▶ [EXERCISE DIRECTIONS] Work through the data below and give the number of lines holding "have", nothing more.

▶ [GIVEN RECORDS]
● ● ● ●

Theorem lemma3 :
  exists beta : R, (1 < beta)%R /\
  forall (k : nat) (gamma eps : R) (n l : nat) (S : 'I_l -> {set 'I_n}) (s : nat),
    (1 <= k)%N ->
    (0 < gamma < 1/2)%R -> (0 < eps < 1/2)%R ->
    let r := (beta * (1 / gamma) * log2 (INR k / eps))%R in
    spread k r S ->
    uniform_k k S ->
    (r ^ k <= INR l)%R ->
    (gamma * INR n <= INR s)%R -> (s <= n)%N ->
    (expected_chi S s < eps)%R /\ (1 - eps < prob_covered S s)%R.
Proof.
exists 512%R; split; first lra.
move=> k gamma eps n l S s k_ge1 gamma01 eps01 r S_spread S_card l_large gamma_s le_sn.
have L_gt1 := log2_ratio_gt1 k_ge1 eps01.
have r_gt0 : (0 < r)%R.
  apply: Rmult_lt_0_compat; last lra.
  by apply: Rmult_lt_0_compat; [lra | apply: Rdiv_lt_0_compat; lra].
have l_gt0 : (0 < l)%N by apply/ltP/INR_lt; apply: Rlt_le_trans l_large; apply: pow_lt.
have gamma_r : (gamma * r = 512 * log2 (INR k / eps))%R by rewrite /r; field; lra.
have small := bad_prob1_lt k_ge1 (proj1 gamma01) eps01 l_gt0 r_gt0 gamma_r
                S_spread S_card l_large gamma_s le_sn.
have k_ge1R : (1 <= INR k)%R by apply: (INR_leq k_ge1).
have eps_div_k : (eps / INR k * INR k = eps)%R by field; lra.
have eps_k_le : (eps / INR k <= eps)%R.
  have : (0 <= eps / INR k)%R by apply: Rle_mult_inv_pos; lra.
  nra.
split; last by rewrite prob_covered_eq //; lra.
apply: Rle_lt_trans (expected_chi_le S_card l_gt0 le_sn) _.
have := Rmult_lt_compat_l (INR k) _ _ ltac:(lra) small.
by rewrite (Rmult_comm (INR k) (eps / INR k)) eps_div_k.
Qed.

● ● ● ●

▶ [PROBLEM SOLUTION] 10